Major investors are powering the churn of delinquencies and defaults in the office market
Prominent creditors are choosing not to service some debts, willing to cut losses rather than grapple with struggling properties, the Wall Street Journal reported. Brookfield Asset Management, Columbia Property Trust and Blackstone are among those dealing with commercial distress.
More than a quarter of the $7.7 billion in office loans sent to special servicing are owed by big-name investors, according to Trepp. Delinquency rates remain low, but are creeping upwards.
A Brookfield loan on EY Plaza in Downtown Los Angeles was sent last week to special servicing after the owner fell behind on its $275 million loan. The building is part of the same portfolio as two other office buildings in the same area, where Brookfield defaulted earlier this year (delinquency doesn’t guarantee default).
Columbia Property Trust, owned by Pimco, defaulted on a $1.7 billion office loan earlier this year. Blackstone, meanwhile, has sent a couple of loans to special servicing.

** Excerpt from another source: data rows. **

Lemma derive_le0_nonincr (f df : R -> R) (a b : R) : a <= b ->
  (forall x, a < x -> x < b -> is_derive x 1 f (df x)) ->
  (forall x, a < x -> x < b -> df x <= 0) ->
  {within `[a, b], continuous f} -> f b <= f a.
Proof.
move=> ab f_der df_le0 f_cont.
apply: (@ler0_derive1_le_cc _ f a b) => //; last 2 first.
- by rewrite in_itv /= lexx ab.
- by rewrite in_itv /= lexx ab.
- by move=> x; rewrite in_itv /= => /andP[ax xb]; have [] := f_der x ax xb.
- move=> x; rewrite in_itv /= => /andP[ax xb].
  by have f_der_x := f_der x ax xb; rewrite derive1E derive_val; exact: df_le0.
Qed.

Lemma derive_eq0_const (f : R -> R) (a b : R) : a <= b ->
  (forall x, a < x -> x < b -> is_derive x 1 f 0) ->
  {within `[a, b], continuous f} -> f b = f a.
Proof.
move=> ab f_der f_cont; apply/eqP; rewrite eq_le.
rewrite (derive_le0_nonincr ab f_der (fun _ _ _ => lexx 0) f_cont) /= -lerN2.
have Nf_der x : a < x -> x < b -> is_derive x 1 (fun x => - f x) 0.
  by move=> ax xb; rewrite -oppr0; apply: is_deriveN; exact: f_der.
exact: derive_le0_nonincr ab Nf_der (fun _ _ _ => lexx 0) (within_continuousN f_cont).
Qed.

Lemma derive_le0_nonincr_halfline (f df : R -> R) (a : R) :
  (forall x, a < x -> is_derive x 1 f (df x)) ->
  (forall x, a < x -> df x <= 0) ->
  {within `[a, +oo[, continuous f} ->
  forall s t, a <= s -> s <= t -> f t <= f s.
Proof.
move=> f_der df_le0 f_cont s t a_s st; apply: (derive_le0_nonincr st).
- by move=> x sx _; apply: f_der; exact: le_lt_trans a_s sx.
- by move=> x sx _; apply: df_le0; exact: le_lt_trans a_s sx.
- by apply: continuous_subspaceW f_cont; apply: subset_itv; rewrite bnd_simp.
Qed.

Lemma last_crossing (f : R -> R) (T t m : R) : T < t ->
  (forall x, T < x -> {for x, continuous f}) -> f T <= m -> m < f t ->
  exists s, [/\ T <= s, s < t, f s <= m & forall x, s < x -> x <= t -> m < f x].
Proof.
move=> Tt f_cont fT_le ft_gt.
pose S := [set s | T <= s <= t /\ f s <= m].
have ST : S T by rewrite /S /= lexx (ltW Tt).
have S_sup : has_sup S by split; [exists T | exists t => s [/andP[]]].
set s := sup S; have Ts : T <= s by exact: sup_upper_bound.
have st : s <= t by apply: ge_sup => //; [exists T | move=> x [/andP[]]].
have fs_le : f s <= m.
  rewrite leNgt; apply/negP => fs_gt.
  have Ts' : T < s by rewrite lt_neqAle Ts andbT; apply: contraTneq fs_gt => <-; rewrite -leNgt.
  have [e e_gt0 near_s] := (nbhs_ballP s _).1 (cvgr_gt (f s) (f_cont s Ts') m fs_gt).
  have [x Sx sx] := sup_adherent e_gt0 S_sup.
  have xs : x <= s by exact: sup_upper_bound.
  have : ball s e x by rewrite -ball_normE /= ger0_norm ?subr_ge0 //; rewrite -/s in sx; lra.
  by move/near_s; case: Sx => _ fx_le; rewrite ltNge fx_le.
have s_lt : s < t by rewrite lt_neqAle st andbT; apply: contraTneq ft_gt => <-; rewrite -leNgt.
exists s; split => // x sx xt; rewrite ltNge; apply/negP => fx_le.
have : S x by split => //; rewrite xt andbT; exact: le_trans Ts (ltW sx).
by move/(sup_upper_bound S_sup); rewrite leNgt sx.
Qed.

Blue-chip investors playing a critical role in commercial defaults are more likely to back off a losing property when compared to smaller property owners, whose records could be scarred by a single foreclosure.
Institutions also carry the burden of acting in the best interest of investors. If the dollars of default or delinquency make more sense, they can make an empirical decision to cut losses and live for another day, unlike small investors that may have a larger interest in keeping a particular building at all costs.
“The thinking was that the institutions would be the last to give the keys back, but it may be the other way around in some cases,” CBRE executive Rachel Vinson told the Journal.
Concerns around vacancies, interest rates and defaults have been swarming around the office sector and the risk of distress have crept up on Class A offices, which appear to be losing their grip on resisting the troubles affecting the rest of the market.